Obviously you are far more comfortable relying on a central trusted authority. Why not just use AWS or GCP? They do sharding and encryption. I think you miss the whole point of Web3 and open marketplaces and open transparent systems.

Actually it is not PoW but Proof of Storage (PoST). You might want to Google the green aspects of FC. Several of the providers use data centers with 100% renewable energy, hard to imaging all SNOs use green energy.

The Holon “article” claimed Filecoin is the Airbnb of decentralized storage…

So…

Where is the Airbnb experience to be found?



I know this thread is just going to go in circles for ever. That’s fine, and sort of the point.

You run a Filecoin node. I didn’t know exactly what that meant before this thread. I greatly appreciate the information you’ve provided on Filecoin. I also greatly appreciate you supporting the Storj network by running a few nodes.

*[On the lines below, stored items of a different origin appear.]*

(* For every $n\ge1$, the $\{\mathbf{3},\mathbf{2}+\mathbf{2}\}$-free naturally labelled posets on $[n]$ are in bijection with the labelled binary words of length $n$ satisfying all of the following: (1) the first letter is $\mathsf0$; (2) whenever two consecutive letters are both $\mathsf0$, their labels are decreasing; (3) whenever two consecutive letters are both $\mathsf1$, their labels are increasing; (4) the label of every $\mathsf1$ is greater than the labels of all $\mathsf0$s occurring earlier in the word.
   Context: A partial order $\preceq$ on $[n]$ is naturally labelled if $x\prec y$ implies $x<y$. It is $\mathbf{3}$-free if there are no $x\prec y\prec z$. It is $(\mathbf{2}+\mathbf{2})$-free if it has no induced subposet consisting of two disjoint $2$-element chains, i.e. no distinct $i\prec j$, $k\prec\ell$ with each of $i,j$ incomparable to each of $k,\ell$. A labelled binary word of length $n$ is a word $w_1\cdots w_n$ over $\{\mathsf0,\mathsf1\}$ together with a bijective assignment of labels from $[n]$ to its positions. *)

From mathcomp Require Import all_boot all_fingroup.
Set Implicit Arguments. Unset Strict Implicit. Unset Printing Implicit Defensive.

(* The ground set [n] = {1,...,n} is represented by 'I_n = {0,...,n-1}
   (order-preserving shift by one). *)

Definition rle n (R : {set 'I_n * 'I_n}) (x y : 'I_n) : bool := (x, y) \in R.
Definition rlt n (R : {set 'I_n * 'I_n}) (x y : 'I_n) : bool := (x != y) && rle R x y.
Definition rcomparable n (R : {set 'I_n * 'I_n}) (x y : 'I_n) : bool :=
  rle R x y || rle R y x.

Definition is_partial_order n (R : {set 'I_n * 'I_n}) : Prop :=
  [/\ forall x, rle R x x,
      forall x y, rle R x y -> rle R y x -> x = y &
      forall x y z, rle R x y -> rle R y z -> rle R x z].

Definition naturally_labelled n (R : {set 'I_n * 'I_n}) : Prop :=
  forall x y, rlt R x y -> (x < y)%N.

Definition three_free n (R : {set 'I_n * 'I_n}) : Prop :=
  ~ exists x y z, [/\ rlt R x y & rlt R y z].

Definition two_plus_two_free n (R : {set 'I_n * 'I_n}) : Prop :=
  ~ exists i j k l : 'I_n,
      [/\ uniq [:: i; j; k; l], rlt R i j, rlt R k l &
          [/\ ~~ rcomparable R i k, ~~ rcomparable R i l,
              ~~ rcomparable R j k & ~~ rcomparable R j l]].

Definition good_poset n (R : {set 'I_n * 'I_n}) : Prop :=
  [/\ is_partial_order R, naturally_labelled R, three_free R & two_plus_two_free R].

(* A labelled binary word of length n: letters w : positions -> bool
   (false = letter 0, true = letter 1) and a bijective labelling
   lab : positions -> labels, i.e. a permutation of 'I_n. *)
Definition labelled_word n := ({ffun 'I_n -> bool} * {perm 'I_n})%type.

Definition good_word n (p : labelled_word n) : Prop :=
  let w := p.1 in let lab := p.2 in
  [/\
      forall i : 'I_n, val i = 0 -> w i = false,
      forall i j : 'I_n, val j = (val i).+1 -> w i = false -> w j = false ->
        (val (lab j) < val (lab i))%N,
      forall i j : 'I_n, val j = (val i).+1 -> w i = true -> w j = true ->
        (val (lab i) < val (lab j))%N &
      forall i j : 'I_n, (val i < val j)%N -> w i = false -> w j = true ->
        (val (lab i) < val (lab j))%N].

From mathcomp Require Import all_boot all_fingroup zify.
From Stdlib Require Import ProofIrrelevance.
Set Implicit Arguments. Unset Strict Implicit. Unset Printing Implicit Defensive.

(* A {3, 2+2}-free poset has height at most two: its minimal elements become the
   letters 0, the other elements the letters 1, and x < y holds exactly when x is
   a 0 written before the 1 y.  Since the poset is (2+2)-free, the strict up-sets
   form a chain, so for minimal x, x < y is decided by comparing #|up x| with the
   number of y' whose down-set contains that of y.  Sorting the elements by this
   common score (minimal elements first at equal score, then by decreasing labels
   among minimal and increasing labels among non-minimal elements) produces the
   word.  Conversely, sorting the poset of a word reproduces the word: inside a
   run of equal letters the labels are ordered by conditions (2) and (3), and a
   letter of the other kind between two positions makes the scores differ. *)

Lemma ltn_lex n c1 c2 r1 r2 : (r1 < n)%N -> (r2 < n)%N ->
  (c1 * n + r1 < c2 * n + r2)%N = (c1 < c2)%N || (c1 == c2) && (r1 < r2)%N.
Proof.
move=> lt_r1 lt_r2; case: (ltngtP c1 c2) => [lt_c|lt_c|->] /=; last by lia.
- have : (c1.+1 * n <= c2 * n)%N by rewrite leq_mul2r lt_c orbT.
  by rewrite mulSn; lia.
- have : (c2.+1 * n <= c1 * n)%N by rewrite leq_mul2r lt_c orbT.
  by rewrite mulSn; lia.
Qed.

Lemma card_ord_prefix n k : (k <= n)%N -> #|[set i : 'I_n | (i < k)%N]| = k.
Proof.
move=> le_kn; rewrite -sum1_card (eq_bigl (fun i : 'I_n => (i < k)%N)) => [|i]; last first.
  by rewrite inE.
by rewrite (big_ord_narrow le_kn) sum1_card card_ord.
Qed.

Lemma card_le_ord n (A : {set 'I_n}) : (#|A| <= n)%N.
Proof. by rewrite -[n in (_ <= n)%N]card_ord max_card. Qed.

Section Ranking.
Variables (n : nat) (key : 'I_n -> nat).
Hypothesis key_inj : injective key.

Definition rank x := #|[set y | (key y < key x)%N]|.

Lemma rank_lt x : (rank x < n)%N.
Proof.
have : [set y | (key y < key x)%N] \subset [set~ x].
  by apply/subsetP => y; rewrite !inE; apply: contraTneq => ->; rewrite ltnn.
by move/subset_leq_card; rewrite cardsC1 card_ord /rank; have := ltn_ord x; lia.
Qed.

Lemma ltn_rank x y : (rank x < rank y)%N = (key x < key y)%N.
Proof.
have rank_mono a b : (key a < key b)%N -> (rank a < rank b)%N.
  move=> lt_ab; apply: proper_card; apply/properP; split.
    by apply/subsetP => z; rewrite !inE => /ltn_trans; apply.
  by exists a; rewrite !inE ?ltnn.
apply/idP/idP; last exact: rank_mono.
case: (ltngtP (key x) (key y)) => // [/rank_mono|/key_inj ->]; lia.
Qed.

Lemma rank_ord_inj : injective (fun x => Ordinal (rank_lt x)).
Proof.
move=> x y [] eq_xy; apply: key_inj; apply/eqP.
by rewrite eqn_leq leqNgt -ltn_rank eq_xy ltnn leqNgt -ltn_rank eq_xy ltnn.
Qed.

Definition rank_perm : {perm 'I_n} := perm rank_ord_inj.

Lemma rank_permE x : val (rank_perm x) = rank x.
Proof. by rewrite permE. Qed.

Lemma rank_perm_unique (p : {perm 'I_n}) :
  (forall x y, (p x < p y)%N -> (key x < key y)%N) -> rank_perm = p.
Proof.
move=> p_mono; apply/permP => x; apply: val_inj; rewrite rank_permE /rank.
have -> : [set y | (key y < key x)%N] = p @^-1: [set i : 'I_n | (i < p x)%N].
  apply/setP => y; rewrite !inE; apply/idP/idP; last exact: p_mono.
  case: (ltngtP (p y) (p x)) => // [/p_mono|/val_inj/perm_inj ->]; last by rewrite ltnn.
  by move=> lt_xy /(ltn_trans lt_xy); rewrite ltnn.
by rewrite card_preimset ?card_ord_prefix //; [exact: ltnW | exact: perm_inj].
Qed.

End Ranking.

Lemma run_trans n (T : Type) (r : rel T) (f : 'I_n -> T) (P : pred 'I_n) :
  transitive r ->
  (forall i j : 'I_n, val j = (val i).+1 -> P i -> P j -> r (f i) (f j)) ->
  forall i j : 'I_n, (i < j)%N -> (forall k : 'I_n, (i <= k <= j)%N -> P k) ->
  r (f i) (f j).
Proof.
move=> r_trans step i j lt_ij.
have [d] : exists d, nat_of_ord j = (i + d.+1)%N by exists (j - i).-1; lia.
elim: d j {lt_ij} => [|d IHd] j def_j Pij; first by apply: step; rewrite ?Pij //=; lia.
have lt_k : (i + d.+1 < n)%N by have := ltn_ord j; lia.
apply: (r_trans (f (Ordinal lt_k))); first by apply: IHd => // k /= le_k; apply: Pij; lia.
by apply: step; rewrite ?Pij //=; lia.
Qed.

Lemma run_or_gap n (P : pred 'I_n) (i j : 'I_n) : P i -> P j ->
  (exists k : 'I_n, [/\ (i < k)%N, (k < j)%N & ~~ P k]) \/
  (forall k : 'I_n, (i <= k <= j)%N -> P k).
Proof.
move=> Pi Pj; case: (boolP [exists k : 'I_n, [&& (i < k)%N, (k < j)%N & ~~ P k]]).
  by case/existsP => k /and3P[lt_ik lt_kj nPk]; left; exists k.
move=> no_gap; right => k; rewrite leq_eqVlt => /andP[/orP[/eqP/ord_inj <- // | lt_ik]].
rewrite leq_eqVlt => /orP[/eqP/ord_inj -> // | lt_kj]; apply: contraR no_gap => nPk.
by apply/existsP; exists k; rewrite lt_ik lt_kj.
Qed.

Section PosetKey.
Variables (n : nat) (R : {set 'I_n * 'I_n}).

Definition has_lower x := [exists z, rlt R z x].
Definition up_set x := [set y | rlt R x y].
Definition down_set y := [set z | rlt R z y].
Definition down_superset y := [set y' | down_set y \subset down_set y'].

Definition score x := if has_lower x then #|down_superset x| else #|up_set x|.
Definition tiebreak (x : 'I_n) := if has_lower x then val x else (n.-1 - x)%N.
(* Lexicographic in (decreasing score, minimal elements first, tiebreak). *)
Definition poset_key x := ((n - score x).*2 + has_lower x) * n + tiebreak x.

Lemma rlt_has_lower x y : rlt R x y -> has_lower y.
Proof. by move=> lt_xy; apply/existsP; exists x. Qed.

Lemma tiebreak_lt x : (tiebreak x < n)%N.
Proof. by have := ltn_ord x; rewrite /tiebreak; case: ifP => _ /=; lia. Qed.

Lemma poset_key_inj : injective poset_key.
Proof.
move=> x y eq_key; have n_gt0 : (0 < n)%N := leq_ltn_trans (leq0n _) (ltn_ord x).
have key_div z : odd (poset_key z %/ n) = has_lower z.
  by rewrite divnMDl // divn_small ?tiebreak_lt // addn0 oddD odd_double oddb.
have key_mod z : poset_key z %% n = tiebreak z.
  by rewrite modnMDl modn_small ?tiebreak_lt.
have eq_hl : has_lower x = has_lower y by rewrite -!key_div eq_key.
have := key_mod x; rewrite eq_key key_mod /tiebreak -eq_hl.
by case: (has_lower x) => /= eq_t; apply: val_inj; move: eq_t (ltn_ord x) (ltn_ord y) => /=; lia.
Qed.

Lemma ltn_key_lower_upper x y : ~~ has_lower x -> has_lower y ->
  (poset_key x < poset_key y)%N = (#|down_superset y| <= #|up_set x|)%N.
Proof.
move=> /negbTE hx hy; rewrite /poset_key ltn_lex ?tiebreak_lt // /score hx hy /=.
by move: (card_le_ord (up_set x)) (card_le_ord (down_superset y)); move: #|_| #|_| => a b; lia.
Qed.

Lemma ltn_key_lower x y : ~~ has_lower x -> ~~ has_lower y ->
  (poset_key x < poset_key y)%N =
  (#|up_set y| < #|up_set x|)%N || (#|up_set x| == #|up_set y|) && (y < x)%N.
Proof.
move=> /negbTE hx /negbTE hy.
rewrite /poset_key ltn_lex ?tiebreak_lt // /score /tiebreak hx hy /=.
move: (card_le_ord (up_set x)) (card_le_ord (up_set y)) (ltn_ord x) (ltn_ord y).
by move: #|up_set x| #|up_set y| (nat_of_ord x) (nat_of_ord y) => a b u v; lia.
Qed.

Lemma ltn_key_upper x y : has_lower x -> has_lower y ->
  (poset_key x < poset_key y)%N =
  (#|down_superset y| < #|down_superset x|)%N
  || (#|down_superset x| == #|down_superset y|) && (x < y)%N.
Proof.
move=> hx hy; rewrite /poset_key ltn_lex ?tiebreak_lt // /score /tiebreak hx hy /=.
move: (card_le_ord (down_superset x)) (card_le_ord (down_superset y)).
by move: #|down_superset x| #|down_superset y| (nat_of_ord x) (nat_of_ord y) => a b u v; lia.
Qed.

Lemma ltn_poset_keyNge x y : x != y ->
  (poset_key y < poset_key x)%N = ~~ (poset_key x < poset_key y)%N.
Proof.
move=> ne_xy; case: ltngtP => // /poset_key_inj eq_xy.
by rewrite eq_xy eqxx in ne_xy.
Qed.

Definition poset_position := rank_perm poset_key_inj.

Lemma poset_positionE x : val (poset_position x) = rank poset_key x.
Proof. exact: rank_permE. Qed.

You seemed to want an honest debate of the merits of Storj vs. Filecoin. Hopefully the debate didn’t get too personal. I don’t think that was the intent of anyone, certainly not me. For myself, I just didn’t know enough to enter the debate without first getting some pointers to how Filecoin works and what’s involved in running a Node.

I’ve gotten what I was looking for… a better understanding of what I was looking at and finding about Filecoin.

I’ve posted WAY TOO MANY replies on this thread. So, this will be my last reply on this one.

Some of this USC data is still be ingested.

Yes, just as I point out there are mitigations.

Actually Filecoin is decentralized as I pointed out with examples above. Stoj is not at all decentralized despite the marketing claims and is no more than AWS or CGP with outsourced JBODs.

Actually this shows one case, not ‘widespread loss’ and certainly no evidence has been presented of ‘many complaints about file loss’.

And it is nearly restored already. Customers will not have noticed given the replicas stored on other providers which is part of the requirements of Slingshot. Don’t skip over this as well

The Filecoin network similarly helps ensure resiliency despite localized failures by:

  • Creating many copies of data across many different geographic locations (the Slingshot competition, for example, rewards up to 10 independent copies of data to increase resiliency)
  • Replicating data stored in the network across many independent storage providers (clients usually store deals with 4-6 independent providers)
  • Repairing deals in light of failures by creating new replicas with new storage providers when an SP goes offline, maintaining a high storage redundancy rate over time.

I saw a cut sheet from Jonathan and took note of it. You asked for an example of a storage provider and I provided it. Now you can choose to ignore it or follow up.

This whole thread started as a result of me correcting inaccurate statements. It does not do the Storj community any benefit by throwing out strawmen and false assertions.

I know you know this isn’t relevant, because you know how Storj works. As a customer, your trust relationship is not with the individual node operators, but with the satellite. If community satellites pop up that don’t provide any information on their repair architecture and controls. I wouldn’t entrust my data to them either. With Storj satellites you get an SLA with uptime and 11 9’s of durability. You know exactly what you get.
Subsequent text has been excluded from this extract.